Figure 2. Stepwise model of DNA unlinking. Figure courtesy of [1].

Imagine two interlocking right-handed strands with a total of six crossings, like a Star of David (see Figure 2). In knot theory language, this is a $$6^2_1$$ link, where $$6$$ represents the number of crossings, $$2$$ is the number of strands, and $$1$$ indicates that this is the simplest combination (see Figure 3). This link’s writhe is $$+6$$. There are two ways to cut and re-glue the link to simplify it, both of which reduce the writhe. However, only one also reduces the number of crossings.

Vazquez and her collaborators proved that the shortest number of steps to unlink two tangled strands of a particular class of links equals the number of crossings; thus, the six-crossing link requires six steps to unlink. To treat the problem computationally, they depicted molecules as linear segments joined at 90- or 180-degree angles, like edges on a three-dimensional lattice. This allowed the program to manipulate the molecules in a straightforward way, performing stepwise cuts and connections and computing important knot properties like the writhe straightforwardly. The Monte Carlo simulation tested all possible recombinations from a given starting point that resulted in two unknots, and found that this was true: the simplest route is also the most probable.

Figure 3. All of the possible steps to unlink a link of type 621 (upper left corner), assuming that each step simplifies the link or knot. The numbers represent the probability of the corresponding steps, based on Monte Carlo simulations; this demonstrates that the shortest possible path (from the top left to bottom right) is also the most likely. Figure courtesy of [2].

In a living cell, various enzymes—proteins that perform specific tasks—help duplicate DNA, cut links, and combine strands.
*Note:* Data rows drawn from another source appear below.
Lemma gradient_on_segment {x p eps t0} : X x -> X p -> 0 < eps -> 0 < t0 ->
  exists t, 0 < t /\ t <= 1 /\ t <= t0 /\ X (comb t p x) /\
    Rabs (omega (comb t p x) - omega x - t * dot (domega x) (vsub p x))
      <= eps * t * norm (vsub p x).
Proof.
move=> Xx Xp eps_gt0 t0_gt0.
have [del [del_gt0 expand]] := omega_grad _ Xx _ eps_gt0.
set r := norm (vsub p x); have r_ge0 : 0 <= r := norm_ge0 _.
have del'_gt0 : 0 < del / (2 * (r + 1)) by apply: Rdiv_lt_0_compat; lra.
set t := Rmin (Rmin 1 t0) (del / (2 * (r + 1))).
have t_gt0 : 0 < t by do 2 apply: Rmin_pos => //; lra.
have t_le1 : t <= 1 by apply: Rle_trans (Rmin_l _ _) (Rmin_l _ _).
have t_le_t0 : t <= t0 by apply: Rle_trans (Rmin_l _ _) (Rmin_r _ _).
have t_le_del : t * (r + 1) <= del / 2.
  have -> : del / 2 = del / (2 * (r + 1)) * (r + 1) by field; lra.
  by apply: Rmult_le_compat_r; [lra | apply: Rmin_r].
have Xpt : X (comb t p x) by apply: X_convex => //; lra.
have dist : norm (vsub (comb t p x) x) = t * r by rewrite comb_sub norm_scal //; lra.
exists t; do 4 split => //.
have close : norm (vsub (comb t p x) x) < del by rewrite dist; nra.
by move: (expand _ Xpt close); rewrite dist comb_sub dot_scalr Rmult_assoc.
Qed.

Lemma bregman_ge_half_sq {x p} : strongly_convex_on X 1 omega -> X x -> X p ->
  norm (vsub p x) ^ 2 / 2 <= V x p.
Proof.
move=> omega_sc Xx Xp; rewrite /bregman.
set r := norm (vsub p x); have r_ge0 : 0 <= r := norm_ge0 _.
apply: (@Rle_of_forall_eps_mul _ _ (r + r ^ 2 / 2)); first nra.
move=> eps eps_gt0.
have [t [t_gt0 [t_le1 [t_le_eps [_ expand]]]]] :=
  gradient_on_segment Xx Xp eps_gt0 eps_gt0.
have := omega_sc p x t Xp Xx (conj (Rlt_le _ _ t_gt0) t_le1).
move: expand => /Rabs_le_bounds; rewrite -/r.
set D := dot (domega x) (vsub p x) => expand sc.
(* dividing the chord inequality by [t] leaves an error [t r^2 / 2 <= eps r^2 / 2] *)
have chord : t * (r ^ 2 / 2 - t * (r ^ 2 / 2) - eps * r) <= t * (omega p - omega x - D)
  by nra.
have := Rmult_le_reg_l _ _ _ t_gt0 chord.
have : t * (r ^ 2 / 2) <= eps * (r ^ 2 / 2) by apply: Rmult_le_compat_r; nra.
lra.
Qed.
Failure of these enzymes can trigger cell death. Vazquez suggested that actively suppressing the action of these enzymes could be useful for antibiotics or anticancer drugs, not least since plasmids in bacteria transfer antibiotic resistance between cells.

Beyond biology, the topological approach may provide a nice demonstration of reconnection’s occurrence in other systems. Many processes follow a path of energy minimization to attain maximum efficiency, and the knot theory method demonstrates this preferences’s ability to reduce the complexity of tangled strands.
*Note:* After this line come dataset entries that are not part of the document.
Lemma ksign_block1 s x : valid 3 s -> odd (deg x) = ~~ odd (deg B) ->
  ksign F s A B C * (-1) ^+ block_offset 1 s
  = (-1) ^+ deg A * ((-1) ^+ deg s * ksign F s A x C).
Proof.
move=> + Hx; move: s; apply: valid3_cases => b1 b2; case: b1; case: b2.
all: rewrite /ksign !kinv_recE /= !sign_odd; expand_parities; rewrite /= ?Hx.
all: by case_parities; rewrite /=; ring.
Qed.

Lemma ksign_block2 s x : valid 3 s -> odd (deg x) = ~~ odd (deg C) ->
  ksign F s A B C * (-1) ^+ block_offset 2 s
  = (-1) ^+ (deg A + deg B) * ((-1) ^+ deg s * ksign F s A B x).
Proof.
move=> + Hx; move: s; apply: valid3_cases => b1 b2; case: b1; case: b2.
all: rewrite /ksign !kinv_recE /= !sign_odd; expand_parities; rewrite /= ?Hx.
all: by case_parities; rewrite /=; ring.
Qed.

End Blocks.


Fixpoint ctx_deg (c : ctx) : nat :=
  match c with
  | Hole => 0
  | CL b c' r => degv b + ctx_deg c' + deg r
  | CR b l c' => degv b + deg l + ctx_deg c'
  end.

Fixpoint ctx_nleaves (c : ctx) : nat :=
  match c with
  | Hole => 0
  | CL b c' r => ctx_nleaves c' + nleaves r
  | CR b l c' => nleaves l + ctx_nleaves c'
  end.

Fixpoint ctx_nvert (c : ctx) : nat :=
  match c with
  | Hole => 0
  | CL b c' r => (ctx_nvert c' + nvert r).+1
  | CR b l c' => (nvert l + ctx_nvert c').+1
  end.

Lemma deg_plug c t : deg (plug c t) = (ctx_deg c + deg t)%N.
Proof. by elim: c => //= [b c' IH r|b l c' IH]; rewrite IH; lia. Qed.

Lemma nleaves_plug c t : nleaves (plug c t) = (ctx_nleaves c + nleaves t)%N.
Proof. by elim: c => //= [b c' IH r|b l c' IH]; rewrite nleaves_Nd IH; lia. Qed.

Lemma nvert_plug c t : nvert (plug c t) = (ctx_nvert c + nvert t)%N.
Proof. by elim: c => //= [b c' IH r|b l c' IH]; rewrite IH; lia. Qed.

Lemma deg_graft3 A B C s : valid 3 s ->
  deg (graft3 s A B C) = (deg s + deg A + deg B + deg C)%N.
Proof. by move: s; apply: valid3_cases => b1 b2 /=; lia. Qed.

Lemma nleaves_graft3 A B C s : valid 3 s ->
  nleaves (graft3 s A B C) = (nleaves A + nleaves B + nleaves C)%N.
Proof. by move: s; apply: valid3_cases => b1 b2 /=; rewrite !nleaves_Nd; lia. Qed.

Lemma nvert_graft3 A B C s : valid 3 s ->
  nvert (graft3 s A B C) = (2 + nvert A + nvert B + nvert C)%N.
Proof. by move: s; apply: valid3_cases => b1 b2 /=; lia. Qed.

Section Contexts.
Variable F : fieldType.

Definition corelations (g : tree -> F) :=
  forall c A B C, in_s2R (fun s => ksign F s A B C * g (plug c (graft3 s A B C))).

(* The block part of a vertex sum satisfies the corelations: it is a vertex
   sum over A, B or C of coefficients obtained by changing one block. *)
Lemma vsum_blocks_s2R b0 (w : nat -> nat -> F) A B C g pre : corelations g ->
  in_s2R (fun s => ksign F s A B C * vsum_blocks b0 w A B C g s pre).
Proof.
move=> Hg; apply: (in_s2R_ext (fun s Hs => esym (vsum_blocksE b0 w A B C g pre Hs))).
apply: in_s2RZ; apply: in_s2RD; [apply: in_s2RD|]; apply: in_s2R_vsum => x /flip_odd Hx.
- apply: (in_s2R_ext (g1 := fun s => (-1) ^+ deg s * (ksign F s x B C * g (graft3 s x B C))));
    first by move=> s Hs; rewrite (ksign_block0 F B C Hs Hx) mulrA.
  exact/in_s2R_degsign/(Hg Hole).
- apply: (in_s2R_ext (g1 := fun s =>
      (-1) ^+ deg A * ((-1) ^+ deg s * (ksign F s A x C * g (graft3 s A x C)))));
    first by move=> s Hs; rewrite (ksign_block1 F A C Hs Hx) !mulrA.
  exact/in_s2RZ/in_s2R_degsign/(Hg Hole).
- apply: (in_s2R_ext (g1 := fun s =>
      (-1) ^+ (deg A + deg B) * ((-1) ^+ deg s * (ksign F s A B x * g (graft3 s A B x)))));
    first by move=> s Hs; rewrite (ksign_block2 F A B Hs Hx) !mulrA.
  exact/in_s2RZ/in_s2R_degsign/(Hg Hole).
Qed.


Variables (b0 : bool) (w : nat -> nat -> F).
Hypothesis dh : is_d_or_h b0 w.

(* The vertex sum of a grafted tree: its top part by the arity-3
   computation, its block part by the corelations at the edges of g. *)
Lemma vsum_graft3_s2R g pre A B C : corelations g ->
  in_s2R (fun s => ksign F s A B C * vsum b0 w g (graft3 s A B C) pre).
Proof.
move=> Hg; apply: (in_s2R_ext (g1 := fun s =>
    ksign F s A B C * vsum_top b0 w A B C (fun s' => g (graft3 s' A B C)) s pre
    + ksign F s A B C * vsum_blocks b0 w A B C g s pre));
  first by move=> s _; rewrite vsum_graft mulrDr.
apply: in_s2RD; last exact: vsum_blocks_s2R.
exact: vsum_top_s2R (Hg Hole A B C).
Qed.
Vazquez’s presentation is available from SIAM either as slides with synchronized audio or a PDF of slides only.

Vazquez dedicated her talk to mathematician and Fields Medalist Maryam Mirzakhani (1977-2017) in honor of Mirzakhani’s love for the beauty of mathematics.

References
[1] Shimokawa, K., Ishihara, K., Grainge, I., Sherratt, D.J., & Vazquez, M. (2013). FtsK-dependent XerCD-dif recombination unlinks replication catenanes in a stepwise manner. PNAS, 110(52), 20906-11.
[2] Stolz, R., Yoshida, M., Brasher, R., Flanner, M., Ishihara, K., Sherratt, D.J.,  …, Vazquez, M. (2017). Pathways of DNA unlinking: A story of stepwise simplification. Sci. Rep., 7, 12420.